2. Approves the allocation of the total net profit corresponding to fiscal year 2021, amounting to 323.510.441 lei, as follows:
- Legal reserves: 16.662.168 lei;
- Distribution of dividends in a total amount of 32.684.967,26 lei, the gross dividend/share proposed being of 0,015 lei*, corresponding to the 2nd , 3rd and 4th quarters of the year 2021. Dividends are to be distributed pursuant to this decision, on the Payment Date, as set forth below, to the shareholders registered on the Record Date below;
- Dividends in a total amount of 226.615.937 lei, namely 0,13 lei gross dividend/share have been allocated from the profit earned during the first quarter of 2021, on the basis of the decision of the ordinary general meeting of the Company's shareholders of 25 June 2021 and have been paid in July 2021;
Thus, the total amount of dividends being distributed for the fiscal year 2021 is of 259.300.904,26 lei, namely 0,145 lei gross price per share (out of which 0,13 lei gross price/share has already been paid).

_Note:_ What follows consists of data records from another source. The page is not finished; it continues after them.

Record Hilbert := {
  hcar :> Type;
  hzero : hcar;
  hadd : hcar -> hcar -> hcar;
  hopp : hcar -> hcar;
  hsmul : C -> hcar -> hcar;
  inner : hcar -> hcar -> C;   (* linear in the first variable *)
  haddA : forall x y z, hadd x (hadd y z) = hadd (hadd x y) z;
  haddC : forall x y, hadd x y = hadd y x;
  hadd0 : forall x, hadd hzero x = x;
  haddN : forall x, hadd x (hopp x) = hzero;
  hsmulDr : forall c x y, hsmul c (hadd x y) = hadd (hsmul c x) (hsmul c y);
  hsmulDl : forall c d x, hsmul (Cadd c d) x = hadd (hsmul c x) (hsmul d x);
  hsmulA : forall c d x, hsmul c (hsmul d x) = hsmul (Cmul c d) x;
  hsmul1 : forall x, hsmul C1 x = x;
  innerDl : forall x y z, inner (hadd x y) z = Cadd (inner x z) (inner y z);
  innerZl : forall c x y, inner (hsmul c x) y = Cmul c (inner x y);
  inner_conj : forall x y, inner y x = Cconj (inner x y);
  inner_pos : forall x, 0 <= Re (inner x x);
  inner_def : forall x, inner x x = C0 -> x = hzero;
  hcompl : norm_complete hadd hopp (fun x => sqrt (Re (inner x x)))
}.
Arguments hzero {_}.

Definition hnorm {H : Hilbert} (x : H) : R := sqrt (Re (inner H x x)).

Definition bounded_operator (H : Hilbert) (T : H -> H) : Prop :=
  (forall x y, T (hadd H x y) = hadd H (T x) (T y)) /\
  (forall c x, T (hsmul H c x) = hsmul H c (T x)) /\
  (exists M, forall x, hnorm (T x) <= M * hnorm x).

Definition opnorm_le (H : Hilbert) (T : H -> H) (c : R) : Prop :=
  forall x, hnorm (T x) <= c * hnorm x.

(* a representation of the *-algebra B (a *-subalgebra of A) on H:
   multiplicative, *-preserving, linear map B -> B(H); no continuity *)
Definition representation (A : CStarAlgebra) (B : A -> Prop) (H : Hilbert)
  (pi : A -> H -> H) : Prop :=
  (forall b, B b -> bounded_operator H (pi b)) /\
  (forall b1 b2, B b1 -> B b2 -> forall x,
      pi (add A b1 b2) x = hadd H (pi b1 x) (pi b2 x)) /\
  (forall c b, B b -> forall x, pi (smul A c b) x = hsmul H c (pi b x)) /\
  (forall b1 b2, B b1 -> B b2 -> forall x, pi (mul A b1 b2) x = pi b1 (pi b2 x)) /\
  (forall b, B b -> forall x y, inner H (pi b x) y = inner H x (pi (star A b) y)).

Definition rep_continuous (A : CStarAlgebra) (B : A -> Prop) (H : Hilbert)
  (pi : A -> H -> H) : Prop :=
  forall b0, B b0 -> forall eps, eps > 0 -> exists delta, delta > 0 /\
    forall b, B b -> norm A (add A b (opp A b0)) < delta ->
      exists c, c < eps /\
        opnorm_le H (fun x => hadd H (pi b x) (hopp H (pi b0 x))) c.

Definition core_subalgebra (A : CStarAlgebra) (B : A -> Prop) : Prop :=
  star_subalgebra A B /\
  forall (H : Hilbert) (pi : A -> H -> H),
    representation A B H pi -> rep_continuous A B H pi.

Definition sumA {A : CStarAlgebra} (l : list A) : A :=
  fold_right (add A) zero l.

(* Given a representation [pi] of
   [B], we show that [pi] is contractive, [|pi(b)| <= |b|], which implies
   continuity.

   - Core diagonal corners carry bounds [|pi(z)| <= C |z|]; via the
     C*-identity [|z|^2 = |z* z|] the same bound holds on off-diagonal
     corners [B ∩ p_i A p_j].
   - For a finite index list [S], the elements decomposable over [S] are the
     sums of their [|S|^2] blocks [p_i w p_j], so [pi] is bounded on them
     with constant [|S|^2 C]; this set is closed under products and [*].
   - A spectral-radius style argument (squaring self-adjoint elements and
     using [|z^2| = |z|^2] in [A] and [|pi(z) x|^2 = <pi(z* z) x, x>]) improves any such constant
     [M] to [M^(1/2^n)], hence to [1]; applying this to [b* b] gives
     [|pi(b)| <= |b|]. *)

From Pilot Require Import Defs.
From Stdlib Require Import Reals List Lra Lia Classical.
Open Scope R_scope.

Section CStarAlgebraFacts.
Context {A : CStarAlgebra}.

Lemma addr0 (x : A) : add A x zero = x.
Proof. rewrite addC; apply add0. Qed.

Lemma add_idem_eq0 (x : A) : add A x x = x -> x = zero.
Proof.
  intro Hx. transitivity (add A (add A x x) (opp A x)).
  - rewrite <- addA, addN, addr0; reflexivity.
  - rewrite Hx, addN; reflexivity.
Qed.

Lemma opp_unique (x y : A) : add A x y = zero -> y = opp A x.
Proof.
  intro Hxy.
  rewrite <- (add0 A y), <- (addN A x), (addC A x (opp A x)), <- addA, Hxy, addr0.
  reflexivity.
Qed.

Lemma oppK (x : A) : opp A (opp A x) = x.
Proof. symmetry; apply opp_unique; rewrite addC; apply addN. Qed.

Lemma opp0 : opp A zero = zero.
Proof. symmetry; apply opp_unique, add0. Qed.

Lemma subr_eq0 (u v : A) : add A u (opp A v) = zero -> u = v.
Proof. intro Huv. apply opp_unique in Huv. rewrite <- (oppK u), <- Huv, oppK; reflexivity. Qed.

Lemma mulr0 (x : A) : mul A x zero = zero.
Proof. apply add_idem_eq0; rewrite <- mulDr, add0; reflexivity. Qed.

Lemma mul0r (x : A) : mul A zero x = zero.
Proof. apply add_idem_eq0; rewrite <- mulDl, add0; reflexivity. Qed.

Lemma smul0 (x : A) : smul A Defs.C0 x = zero.
Proof.
  apply add_idem_eq0; rewrite <- smulDl.
  replace (Cadd Defs.C0 Defs.C0) with Defs.C0 by (unfold Cadd, Defs.C0; simpl; f_equal; ring).
  reflexivity.
Qed.

Lemma opp_smul (x : A) : opp A x = smul A (mkC (-1) 0) x.
Proof.
  symmetry; apply opp_unique. rewrite <- (smul1 A x) at 1. rewrite <- smulDl.
  replace (Cadd Defs.C1 (mkC (-1) 0)) with Defs.C0 by (unfold Cadd, Defs.C0, Defs.C1; simpl; f_equal; ring).
  apply smul0.
Qed.

Lemma mulrN (a v : A) : mul A a (opp A v) = opp A (mul A a v).
Proof. rewrite !opp_smul, <- smul_mulr; reflexivity. Qed.

Lemma star0 : star A zero = zero.
Proof. apply add_idem_eq0; rewrite <- starD, add0; reflexivity. Qed.

Lemma norm0 : norm A zero = 0.
Proof.
  rewrite <- (smul0 zero), normZ. unfold Cabs, Defs.C0; simpl.
  replace (0 * 0 + 0 * 0) with 0 by ring. rewrite sqrt_0; ring.
Qed.

(* The C*-identity forces the involution to be isometric. *)
Lemma norm_le_star (x : A) : norm A x <= norm A (star A x).
Proof.
  pose proof (norm_cstar A x). pose proof (normM A (star A x) x).
  pose proof (norm_ge0 A x). pose proof (norm_ge0 A (star A x)).
  destruct (Req_dec (norm A x) 0); nra.
Qed.

Lemma norm_star (x : A) : norm A (star A x) = norm A x.
Proof.
  apply Rle_antisym; [| apply norm_le_star].
  rewrite <- (starK A x) at 2; apply norm_le_star.
Qed.

Lemma eq_of_left_mul (u v : A) : (forall a, mul A a u = mul A a v) -> u = v.
Proof.
  intro Huv. apply subr_eq0. set (d := add A u (opp A v)).
  assert (Hd : mul A (star A d) d = zero)
    by (unfold d; rewrite mulDr, mulrN, Huv, addN; reflexivity).
  pose proof (norm_cstar A d) as Hc. rewrite Hd, norm0 in Hc.
  apply norm_eq0. pose proof (norm_ge0 A d). nra.
Qed.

- Share capital increase: 43.579.988 lei. The increase has been approved by the extraordinary general meeting of the Company's shareholders of 25 June 2021 and implemented in September 2021, out of the profit earned during the first quarter of 2021;
- Retained earnings: 3.967.380 lei.
*When the value of a gross dividend/share was calculated, the calculation considered the number of shares issued by the Company, out of which were taken out 2.541 shares, which entered the Company's account (following application of the algorithm and rounding the results to the lower integer as a result of the processing of the share capital increase, conducted in accordance with the EGM no. 1/29.04.2020, and the EGM Resolution no. 1/25.06.2021, respectively) and are currently owned by the Company, considering that own shares do not entitle holding dividends or any other rights.
Structure of the vote: With 1.550.117.380 valid votes cast for this item on the agenda, Item 2 on the agenda was approved
as follows:
1.516.362.533 votes for, representing 97,822433% of the votes cast by the shareholders who were present, represented or cast their votes by mail, 33.754.847 votes against, representing 2,177567% of the votes cast by shareholders who were present, represented or cast their votes by mail and 0 abstention votes.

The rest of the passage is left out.